___ RECORDED DATA

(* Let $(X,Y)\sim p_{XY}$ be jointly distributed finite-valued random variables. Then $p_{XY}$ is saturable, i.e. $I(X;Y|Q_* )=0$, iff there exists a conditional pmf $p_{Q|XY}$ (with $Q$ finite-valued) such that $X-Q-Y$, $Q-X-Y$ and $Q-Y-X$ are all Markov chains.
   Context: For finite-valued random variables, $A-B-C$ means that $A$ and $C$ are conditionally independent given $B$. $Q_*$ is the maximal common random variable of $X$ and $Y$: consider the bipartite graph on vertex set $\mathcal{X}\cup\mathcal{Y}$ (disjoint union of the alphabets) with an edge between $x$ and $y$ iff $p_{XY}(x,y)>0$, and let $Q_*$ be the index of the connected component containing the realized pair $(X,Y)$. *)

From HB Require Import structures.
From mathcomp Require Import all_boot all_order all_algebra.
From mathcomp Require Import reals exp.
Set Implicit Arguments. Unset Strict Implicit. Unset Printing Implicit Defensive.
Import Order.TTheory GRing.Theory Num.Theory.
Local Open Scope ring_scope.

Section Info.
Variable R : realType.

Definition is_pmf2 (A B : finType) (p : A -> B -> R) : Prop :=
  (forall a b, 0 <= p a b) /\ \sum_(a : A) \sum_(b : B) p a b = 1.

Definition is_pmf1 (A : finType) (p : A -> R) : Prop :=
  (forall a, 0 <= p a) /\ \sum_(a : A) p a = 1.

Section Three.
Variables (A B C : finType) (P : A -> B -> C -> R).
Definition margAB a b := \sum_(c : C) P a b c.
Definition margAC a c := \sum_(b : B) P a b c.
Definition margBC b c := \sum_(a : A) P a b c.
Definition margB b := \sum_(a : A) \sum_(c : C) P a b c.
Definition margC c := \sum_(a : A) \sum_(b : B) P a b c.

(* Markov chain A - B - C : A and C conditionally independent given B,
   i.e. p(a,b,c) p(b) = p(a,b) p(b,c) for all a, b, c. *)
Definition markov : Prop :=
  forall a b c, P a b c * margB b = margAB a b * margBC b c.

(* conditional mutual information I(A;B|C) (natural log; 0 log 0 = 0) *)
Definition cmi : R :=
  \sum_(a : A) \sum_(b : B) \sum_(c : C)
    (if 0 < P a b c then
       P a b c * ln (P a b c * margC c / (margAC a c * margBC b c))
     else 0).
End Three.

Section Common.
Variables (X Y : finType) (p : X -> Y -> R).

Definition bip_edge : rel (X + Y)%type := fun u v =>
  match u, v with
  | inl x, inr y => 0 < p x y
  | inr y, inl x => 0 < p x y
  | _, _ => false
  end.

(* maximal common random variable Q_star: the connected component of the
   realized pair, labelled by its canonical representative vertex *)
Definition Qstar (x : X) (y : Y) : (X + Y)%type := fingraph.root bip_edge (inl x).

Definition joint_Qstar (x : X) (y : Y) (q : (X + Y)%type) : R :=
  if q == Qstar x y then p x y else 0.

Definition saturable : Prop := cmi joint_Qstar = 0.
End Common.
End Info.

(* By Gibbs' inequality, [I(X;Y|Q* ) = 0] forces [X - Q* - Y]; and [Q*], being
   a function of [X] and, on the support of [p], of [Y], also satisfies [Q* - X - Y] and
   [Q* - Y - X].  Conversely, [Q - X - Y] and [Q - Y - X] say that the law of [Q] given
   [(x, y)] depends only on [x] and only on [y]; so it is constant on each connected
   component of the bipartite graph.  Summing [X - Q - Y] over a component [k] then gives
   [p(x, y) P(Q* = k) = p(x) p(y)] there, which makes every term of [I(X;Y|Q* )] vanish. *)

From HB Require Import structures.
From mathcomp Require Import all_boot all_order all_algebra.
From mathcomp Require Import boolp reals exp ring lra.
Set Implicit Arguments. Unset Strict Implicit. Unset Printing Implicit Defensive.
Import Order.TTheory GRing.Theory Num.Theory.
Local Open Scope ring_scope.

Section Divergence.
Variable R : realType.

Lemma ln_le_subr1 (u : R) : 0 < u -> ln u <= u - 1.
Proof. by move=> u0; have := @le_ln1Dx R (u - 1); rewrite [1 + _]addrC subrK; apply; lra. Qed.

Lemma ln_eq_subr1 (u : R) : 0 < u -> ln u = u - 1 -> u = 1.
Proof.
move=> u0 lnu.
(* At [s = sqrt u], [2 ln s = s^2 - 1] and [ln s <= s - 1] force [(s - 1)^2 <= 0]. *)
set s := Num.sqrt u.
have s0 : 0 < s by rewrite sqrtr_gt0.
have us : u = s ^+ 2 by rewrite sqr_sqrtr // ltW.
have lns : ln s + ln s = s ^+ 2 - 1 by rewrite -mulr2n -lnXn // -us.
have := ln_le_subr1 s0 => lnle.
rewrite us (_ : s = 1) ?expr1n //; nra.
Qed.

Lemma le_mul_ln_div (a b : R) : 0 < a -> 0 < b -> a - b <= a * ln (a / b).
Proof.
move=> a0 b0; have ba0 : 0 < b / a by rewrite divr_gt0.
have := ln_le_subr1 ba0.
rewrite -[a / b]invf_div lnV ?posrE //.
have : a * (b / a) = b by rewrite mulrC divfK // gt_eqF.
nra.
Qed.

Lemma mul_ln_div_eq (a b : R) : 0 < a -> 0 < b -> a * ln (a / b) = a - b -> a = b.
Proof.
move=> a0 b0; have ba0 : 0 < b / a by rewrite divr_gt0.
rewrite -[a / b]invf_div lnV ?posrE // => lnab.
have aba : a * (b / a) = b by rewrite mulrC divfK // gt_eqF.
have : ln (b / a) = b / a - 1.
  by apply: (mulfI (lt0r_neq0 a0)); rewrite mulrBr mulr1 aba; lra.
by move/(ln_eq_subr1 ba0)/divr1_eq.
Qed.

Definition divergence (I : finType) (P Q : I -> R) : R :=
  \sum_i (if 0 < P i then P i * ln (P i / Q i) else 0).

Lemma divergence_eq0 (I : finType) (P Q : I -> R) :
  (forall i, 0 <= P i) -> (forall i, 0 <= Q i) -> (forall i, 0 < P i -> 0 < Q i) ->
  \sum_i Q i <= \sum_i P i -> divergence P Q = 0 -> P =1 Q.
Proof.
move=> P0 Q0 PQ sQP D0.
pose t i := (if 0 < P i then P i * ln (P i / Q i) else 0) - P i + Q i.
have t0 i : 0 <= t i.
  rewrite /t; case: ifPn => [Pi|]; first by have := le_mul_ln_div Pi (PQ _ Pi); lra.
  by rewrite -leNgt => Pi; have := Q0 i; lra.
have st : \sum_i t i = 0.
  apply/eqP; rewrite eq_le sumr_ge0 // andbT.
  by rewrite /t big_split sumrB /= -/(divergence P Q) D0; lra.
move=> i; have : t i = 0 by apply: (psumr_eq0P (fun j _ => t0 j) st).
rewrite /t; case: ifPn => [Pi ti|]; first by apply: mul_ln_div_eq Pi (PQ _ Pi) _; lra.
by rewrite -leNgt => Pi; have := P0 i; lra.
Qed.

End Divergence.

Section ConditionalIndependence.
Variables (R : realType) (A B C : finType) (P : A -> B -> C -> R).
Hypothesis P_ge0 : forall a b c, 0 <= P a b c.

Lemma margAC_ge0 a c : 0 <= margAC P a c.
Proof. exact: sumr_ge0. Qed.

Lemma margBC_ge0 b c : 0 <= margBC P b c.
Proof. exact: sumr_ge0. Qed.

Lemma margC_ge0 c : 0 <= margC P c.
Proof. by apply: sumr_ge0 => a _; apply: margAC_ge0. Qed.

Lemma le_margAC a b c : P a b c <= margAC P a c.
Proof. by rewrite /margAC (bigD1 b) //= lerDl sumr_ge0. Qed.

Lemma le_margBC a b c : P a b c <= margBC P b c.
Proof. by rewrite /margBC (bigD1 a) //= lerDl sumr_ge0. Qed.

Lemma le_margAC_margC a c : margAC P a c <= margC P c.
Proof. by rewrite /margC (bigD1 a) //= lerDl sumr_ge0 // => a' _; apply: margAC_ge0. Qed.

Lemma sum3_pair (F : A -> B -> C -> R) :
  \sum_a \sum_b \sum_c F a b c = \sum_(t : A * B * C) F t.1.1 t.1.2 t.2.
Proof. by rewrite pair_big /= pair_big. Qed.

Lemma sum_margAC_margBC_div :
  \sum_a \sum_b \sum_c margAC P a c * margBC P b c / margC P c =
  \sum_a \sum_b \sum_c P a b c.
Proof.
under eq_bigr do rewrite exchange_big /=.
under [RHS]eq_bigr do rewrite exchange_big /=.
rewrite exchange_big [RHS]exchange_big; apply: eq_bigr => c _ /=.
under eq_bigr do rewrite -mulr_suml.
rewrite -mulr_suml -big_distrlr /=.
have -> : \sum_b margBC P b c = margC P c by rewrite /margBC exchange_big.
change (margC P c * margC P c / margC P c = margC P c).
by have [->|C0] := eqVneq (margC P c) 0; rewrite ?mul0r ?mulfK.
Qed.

______

**AIM OF THE EXERCISE**
Filter the entries above down to the lines that contain "first".

**PROBLEM SOLUTION**
  rewrite /t; case: ifPn => [Pi|]; first by have := le_mul_ln_div Pi (PQ _ Pi); lra.
rewrite /t; case: ifPn => [Pi ti|]; first by apply: mul_ln_div_eq Pi (PQ _ Pi) _; lra.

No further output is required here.